- HOW TO COMPLETE THIS TASK -
Go through the records below and copy out every line holding "split".

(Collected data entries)
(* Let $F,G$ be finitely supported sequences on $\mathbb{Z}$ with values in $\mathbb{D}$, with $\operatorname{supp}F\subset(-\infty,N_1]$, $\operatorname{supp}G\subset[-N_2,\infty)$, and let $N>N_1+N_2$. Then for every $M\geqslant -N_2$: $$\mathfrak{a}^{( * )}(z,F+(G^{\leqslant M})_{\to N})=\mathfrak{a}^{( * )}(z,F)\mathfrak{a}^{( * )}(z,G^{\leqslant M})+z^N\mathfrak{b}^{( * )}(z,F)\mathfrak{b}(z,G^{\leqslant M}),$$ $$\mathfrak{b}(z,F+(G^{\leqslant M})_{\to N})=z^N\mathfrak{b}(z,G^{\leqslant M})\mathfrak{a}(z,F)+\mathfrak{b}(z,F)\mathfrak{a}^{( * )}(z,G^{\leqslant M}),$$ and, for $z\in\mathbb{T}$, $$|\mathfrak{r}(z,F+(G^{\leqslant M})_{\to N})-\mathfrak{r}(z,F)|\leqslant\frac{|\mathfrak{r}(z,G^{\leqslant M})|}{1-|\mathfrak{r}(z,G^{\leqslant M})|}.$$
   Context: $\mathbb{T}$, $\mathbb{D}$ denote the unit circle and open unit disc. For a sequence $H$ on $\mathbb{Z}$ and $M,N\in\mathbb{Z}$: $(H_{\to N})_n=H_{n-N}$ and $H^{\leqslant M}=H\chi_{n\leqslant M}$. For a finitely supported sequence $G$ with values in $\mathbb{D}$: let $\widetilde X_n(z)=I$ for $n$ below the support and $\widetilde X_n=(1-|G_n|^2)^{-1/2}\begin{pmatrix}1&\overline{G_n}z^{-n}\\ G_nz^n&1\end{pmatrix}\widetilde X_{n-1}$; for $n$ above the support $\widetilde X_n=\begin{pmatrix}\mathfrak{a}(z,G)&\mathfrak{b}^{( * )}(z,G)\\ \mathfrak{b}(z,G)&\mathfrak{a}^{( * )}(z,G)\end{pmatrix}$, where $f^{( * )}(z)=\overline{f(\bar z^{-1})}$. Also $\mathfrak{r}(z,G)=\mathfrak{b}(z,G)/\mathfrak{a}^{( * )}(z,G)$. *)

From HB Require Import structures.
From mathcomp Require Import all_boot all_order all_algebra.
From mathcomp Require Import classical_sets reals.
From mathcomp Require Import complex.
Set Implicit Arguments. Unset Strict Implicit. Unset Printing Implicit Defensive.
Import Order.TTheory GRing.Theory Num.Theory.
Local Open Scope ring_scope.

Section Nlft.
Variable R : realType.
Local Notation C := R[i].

...

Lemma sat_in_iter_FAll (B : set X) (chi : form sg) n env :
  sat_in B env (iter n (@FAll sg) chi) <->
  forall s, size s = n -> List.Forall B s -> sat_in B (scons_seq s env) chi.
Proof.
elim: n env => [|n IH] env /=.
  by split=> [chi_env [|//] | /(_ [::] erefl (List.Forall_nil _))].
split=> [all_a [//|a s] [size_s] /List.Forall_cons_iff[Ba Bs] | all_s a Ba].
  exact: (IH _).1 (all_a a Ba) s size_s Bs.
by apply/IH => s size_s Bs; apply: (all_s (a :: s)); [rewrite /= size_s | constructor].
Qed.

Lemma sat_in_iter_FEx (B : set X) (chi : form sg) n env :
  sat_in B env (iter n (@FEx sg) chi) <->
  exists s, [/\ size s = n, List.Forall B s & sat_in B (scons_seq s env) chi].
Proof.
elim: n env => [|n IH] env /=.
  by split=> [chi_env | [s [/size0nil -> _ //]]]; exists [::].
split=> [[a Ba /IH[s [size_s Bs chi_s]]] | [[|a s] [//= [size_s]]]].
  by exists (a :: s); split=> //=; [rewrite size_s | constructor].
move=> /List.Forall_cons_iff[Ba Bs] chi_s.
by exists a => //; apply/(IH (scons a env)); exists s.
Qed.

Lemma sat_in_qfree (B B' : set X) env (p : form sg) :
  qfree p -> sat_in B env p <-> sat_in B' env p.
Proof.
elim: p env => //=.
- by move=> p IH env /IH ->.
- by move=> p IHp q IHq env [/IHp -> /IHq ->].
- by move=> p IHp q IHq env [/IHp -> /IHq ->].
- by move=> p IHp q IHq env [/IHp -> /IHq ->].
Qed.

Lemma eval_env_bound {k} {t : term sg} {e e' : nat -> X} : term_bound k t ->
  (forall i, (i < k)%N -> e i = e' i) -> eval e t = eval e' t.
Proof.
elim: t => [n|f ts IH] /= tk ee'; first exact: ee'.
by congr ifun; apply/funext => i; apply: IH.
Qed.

- EXERCISE OUTPUT -
  by split=> [chi_env [|//] | /(_ [::] erefl (List.Forall_nil _))].
split=> [all_a [//|a s] [size_s] /List.Forall_cons_iff[Ba Bs] | all_s a Ba].
  by split=> [chi_env | [s [/size0nil -> _ //]]]; exists [::].
split=> [[a Ba /IH[s [size_s Bs chi_s]]] | [[|a s] [//= [size_s]]]].
  by exists (a :: s); split=> //=; [rewrite size_s | constructor].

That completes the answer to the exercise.